I must say, this is one of the more distressing turns to a subject that I have seen in this forum. How can anyone justify or attempt to legitimize the act of shill bidding (which is, like it or not, a criminal act and constitutes fraud; look it up, it is against the law and is defined as fraud).



How can anyone say "hey, it is easy to spot so if you get taken in by it, oh well" which is basically what Deadlord is saying. If an elderly person is scammed by some telemarketter out of his/her saving, oh well, they should have known better. Is it ok to take advantage of the inexperienced or somewhat gullible? That is a very jaded view and truly says something about someones character.



The problem is not that you have a friend bidding on the item, but that your friend will not pay a dime if he wins; and the item will just go through another round of auctions until it sells to some sucker that you have milked for everything you can.
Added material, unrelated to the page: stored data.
(* Let $m\ge2$. For $\beta\in(\mathcal{G}(m),\beta_f(m)]$ one has $|S_{\beta,m}|=1$ if $m$ is even and $|S_{\beta,m}|=2$ if $m$ is odd; and $|S_{\beta,m}|\ge\aleph_0$ for $\beta\in(\beta_f(m),m+1]$.
   Context: For $\beta\in(1,m+1]$ and $x\in[0,\frac{m}{\beta-1}]$, $\Sigma_{\beta,m}(x)=\{(\epsilon_i)\in\{0,\ldots,m\}^{\mathbb{N}}:\sum_{i\ge1}\epsilon_i\beta^{-i}=x\}$. $W_{\beta,m}=\{x\in(\frac{m+1-\beta}{\beta-1},1):|\Sigma_{\beta,m}(x)|=1\}$ and $S_{\beta,m}=\{(\epsilon_i)\in\{0,\ldots,m\}^{\mathbb{N}}:\sum_{i\ge1}\epsilon_i\beta^{-i}\in W_{\beta,m}\}$. $\mathcal{G}(m)=k+1$ if $m=2k$ and $\mathcal{G}(m)=\frac{k+1+\sqrt{k^2+6k+5}}{2}$ if $m=2k+1$. $\beta_f(m)=\frac{k+1+\sqrt{k^2+6k+1}}{2}$ if $m=2k$, and $\beta_f(m)$ is the largest real root of $x^3-(k+2)x^2+x-(k+1)=0$ if $m=2k+1$. *)

From Stdlib Require Import Reals.
From Coquelicot Require Import Coquelicot.
Open Scope R_scope.

(* A digit sequence (eps_i)_{i>=1} is represented by e : nat -> nat with
   e n = eps_{n+1}.  It lies in {0,...,m}^N iff every digit is <= m. *)
Definition digits (m : nat) (e : nat -> nat) : Prop := forall n, (e n <= m)%nat.

Definition term (beta : R) (e : nat -> nat) (n : nat) : R :=
  INR (e n) / beta ^ (S n).

Definition Sigma (beta : R) (m : nat) (x : R) (e : nat -> nat) : Prop :=
  digits m e /\ is_series (term beta e) x.

Definition W (beta : R) (m : nat) (x : R) : Prop :=
  (INR m + 1 - beta) / (beta - 1) < x /\ x < 1 /\
  exists e, Sigma beta m x e /\ forall e', Sigma beta m x e' -> e' = e.

Definition Sset (beta : R) (m : nat) (e : nat -> nat) : Prop :=
  digits m e /\ exists x, is_series (term beta e) x /\ W beta m x.

Definition Gm (m : nat) : R :=
  let k := INR (Nat.div2 m) in
  if Nat.even m then k + 1
  else (k + 1 + sqrt (k ^ 2 + 6 * k + 5)) / 2.

Definition is_beta_f (m : nat) (b : R) : Prop :=
  let k := INR (Nat.div2 m) in
  if Nat.even m then b = (k + 1 + sqrt (k ^ 2 + 6 * k + 1)) / 2
  else (b ^ 3 - (k + 2) * b ^ 2 + b - (k + 1) = 0 /\
        forall y, y ^ 3 - (k + 2) * y ^ 2 + y - (k + 1) = 0 -> y <= b).

Definition card_is_one (P : (nat -> nat) -> Prop) : Prop :=
  exists e, P e /\ forall e', P e' -> e' = e.

Definition card_is_two (P : (nat -> nat) -> Prop) : Prop :=
  exists e1 e2, e1 <> e2 /\ P e1 /\ P e2 /\
    forall e, P e -> e = e1 \/ e = e2.

Definition at_least_countable (P : (nat -> nat) -> Prop) : Prop :=
  exists f : nat -> (nat -> nat),
    (forall i j, f i = f j -> i = j) /\ forall i, P (f i).

From Stdlib Require Import Reals Lra Lia FunctionalExtensionality Arith.
From Coquelicot Require Import Coquelicot.
Open Scope R_scope.

(* For [1 < b <= m + 1] put [L = (m + 1 - b)/(b - 1)].  A digit sequence belongs to
   [S_{b,m}] iff the values [v_n] of all its tails lie in [(L, 1)]: if a tail value left
   this interval, one digit could be changed by one and the remainder re-expanded greedily.
   Since [b v_n = c_n + v_(n+1)], the digits of such a sequence lie in the window
   [(b L - 1, b - L)] and [b c_n + c_(n+1)] lies in [(b^2 L - 1, b^2 - L)].  For
   [b <= beta_f(m)] these windows leave only the constant sequence [k^oo] (m = 2k), resp. the
   two alternating sequences of [k] and [k+1] (m = 2k+1), and these lie in [S_{b,m}] exactly
   when [b > G(m)].  For [b > beta_f(m)] the sequences [k^(2i) (k+1, k-1)^oo], resp.
   [(k+1, k)^i (k+1, k+1, k, k)^oo], all lie in [S_{b,m}]; their values converge
   geometrically to the fixed point of the prefixed block, so they are pairwise distinct. *)

Lemma INR_add1_le_of_lt a c : (a < c)%nat -> INR a + 1 <= INR c.
Proof. intros H; rewrite <- S_INR; apply le_INR; lia. Qed.

Lemma le_of_INR_lt_add1 j k : INR j < INR k + 1 -> (j <= k)%nat.
Proof.
  intros H; destruct (le_lt_dec j k) as [|Hlt]; auto.
  apply INR_add1_le_of_lt in Hlt; lra.
Qed.

Lemma INR_double k : INR (2 * k) = 2 * INR k.
Proof. rewrite mult_INR; simpl; ring. Qed.

Lemma INR_double_add1 k : INR (2 * k + 1) = 2 * INR k + 1.
Proof. rewrite plus_INR, INR_double; simpl; ring. Qed.

Lemma Rabs_div_pow_le b x j : 1 <= b -> Rabs (x / b ^ j) <= Rabs x.
Proof.
  intros Hb; pose proof (pow_R1_Rle b j Hb).
  unfold Rdiv; rewrite Rabs_mult, Rabs_inv, (Rabs_right (b ^ j)) by lra.
  rewrite <- (Rmult_1_r (Rabs x)) at 2.
  apply Rmult_le_compat_l; [apply Rabs_pos|].
  rewrite <- Rinv_1; apply Rinv_le_contravar; lra.
Qed.

Definition val (b : R) (e : nat -> nat) : R := Series (term b e).

Definition tailn (e : nat -> nat) (n : nat) : nat -> nat := fun i => e (n + i)%nat.

Definition dcons (a : nat) (e : nat -> nat) : nat -> nat :=
  fun n => match n with O => a | S n => e n end.

Definition graft (c : nat -> nat) (n : nat) (g : nat -> nat) : nat -> nat :=
  fun i => if (i <? n)%nat then c i else g (i - n)%nat.

Lemma tailn_dcons c n : tailn c n = dcons (c n) (tailn c (S n)).
Proof.
  apply functional_extensionality; intros [|i]; unfold tailn; simpl; f_equal; lia.
Qed.

Lemma graft_0 c g : graft c 0 g = g.
Proof. apply functional_extensionality; intro i; unfold graft; simpl; f_equal; lia. Qed.

Lemma graft_S c n g : graft c (S n) g = dcons (c O) (graft (tailn c 1) n g).
Proof. apply functional_extensionality; intros [|i]; reflexivity. Qed.

Lemma graft_at c n g : graft c n g n = g O.
Proof. unfold graft; rewrite Nat.ltb_irrefl, Nat.sub_diag; reflexivity. Qed.

Lemma digits_dcons m a e : (a <= m)%nat -> digits m e -> digits m (dcons a e).
Proof. intros Ha He [|n]; simpl; auto. Qed.

Lemma digits_tailn m e n : digits m e -> digits m (tailn e n).
Proof. intros He i; apply He. Qed.

Lemma digits_graft m c n g : digits m c -> digits m g -> digits m (graft c n g).
Proof. intros Hc Hg i; unfold graft; destruct (i <? n)%nat; auto. Qed.

Lemma bounded_geometric_zero b x B : 1 < b -> (forall j, Rabs (b ^ j * x) <= B) -> x = 0.
Proof.
  intros Hb HB.
  destruct (Req_dec x 0) as [|Hx]; auto; exfalso.
  assert (Hxp : 0 < Rabs x) by (apply Rabs_pos_lt; auto).
  destruct (Pow_x_infinity b ltac:(rewrite Rabs_right; lra) ((B + 1) / Rabs x))
    as [N HN].
  specialize (HN N (Nat.le_refl N)); specialize (HB N).
  rewrite Rabs_mult in HB.
  apply Rge_le, (Rmult_le_compat_r (Rabs x)) in HN; [|lra].
  unfold Rdiv in HN; rewrite Rmult_assoc, Rinv_l in HN; lra.
Qed.

Section Values.

Variables (b : R) (m : nat).
Hypothesis Hb : 1 < b.

Lemma term_bounds e n : digits m e -> 0 <= term b e n <= INR m / b * (/ b) ^ n.
Proof.
  intros He. unfold term.
  assert (Hp : 0 < b ^ S n) by (apply pow_lt; lra).
  replace (INR m / b * (/ b) ^ n) with (INR m / b ^ S n)
    by (rewrite pow_inv; simpl; field; split; [apply pow_nonzero|]; lra).
  pose proof (le_INR _ _ (He n)); pose proof (pos_INR (e n)).
  split; apply Rmult_le_compat_r || apply Rmult_le_pos;
    try (left; apply Rinv_0_lt_compat); lra.
Qed.

Lemma Rabs_inv_lt_1 : Rabs (/ b) < 1.
Proof.
  rewrite Rabs_right by (left; apply Rinv_0_lt_compat; lra).
  rewrite <- Rinv_1; apply Rinv_lt_contravar; lra.
Qed.

Lemma ex_series_geom_scal c : ex_series (fun n => c * (/ b) ^ n).
Proof. apply (ex_series_scal_l c (fun n => (/ b) ^ n)), ex_series_geom, Rabs_inv_lt_1. Qed.

Lemma ex_series_term e : digits m e -> ex_series (term b e).
Proof.
  intros He.
  apply (@ex_series_le R_AbsRing R_CompleteNormedModule _
           (fun n => INR m / b * (/ b) ^ n)); [|apply ex_series_geom_scal].
  intro n; pose proof (term_bounds e n He).
  unfold norm; simpl; unfold abs; simpl; rewrite Rabs_right; lra.
Qed.

Lemma val_bounds e : digits m e -> 0 <= val b e <= INR m / (b - 1).
Proof.
  intros He; unfold val; split.
  - rewrite <- (Rmult_0_l (Series (fun n => 1 * term b e n))) at 1.
    rewrite <- Series_scal_l.
    apply Series_le; [|apply ex_series_term; auto].
    intro n; pose proof (term_bounds e n He); lra.
  - replace (INR m / (b - 1)) with (Series (fun n => INR m / b * (/ b) ^ n)).
    + apply Series_le; [intro n; apply term_bounds; auto|apply ex_series_geom_scal].
    + rewrite Series_scal_l, Series_geom by apply Rabs_inv_lt_1; field; lra.
Qed.

Lemma val_dcons a e : digits m e -> b * val b (dcons a e) = INR a + val b e.
Proof.
  intros He; unfold val.
  assert (Hshift : forall k, term b (dcons a e) (S k) = / b * term b e k)
    by (intro k; unfold term; simpl; field; split; [apply pow_nonzero|]; lra).
  rewrite Series_incr_1, (Series_ext _ _ Hshift), Series_scal_l.
  - unfold term at 1; simpl; field; lra.
  - apply ex_series_incr_1, (ex_series_ext _ _ (fun k => eq_sym (Hshift k))).
    apply (ex_series_scal_l (/ b) (term b e)), ex_series_term; auto.
Qed.

Lemma val_tailn_succ c n : digits m c ->
  b * val b (tailn c n) = INR (c n) + val b (tailn c (S n)).
Proof. intros Hc; rewrite tailn_dcons; apply val_dcons, digits_tailn; auto. Qed.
Deadlord, I am going to direct something at you strictly as an individual. You come in here and post threads and whine about someone legitimately winning auctions (please see: "Never Ends...") and then place posts either gloating about how you got an item on the cheap by circumventing the rules or not caring, and maybe even encouraging, people to preform fraud on others. I'll tell you what, you live right up in New Hampshire and I live in Massachusetts, why dont we meet and we can discuss this face to face. It would really bring me quite a bit of pleasure.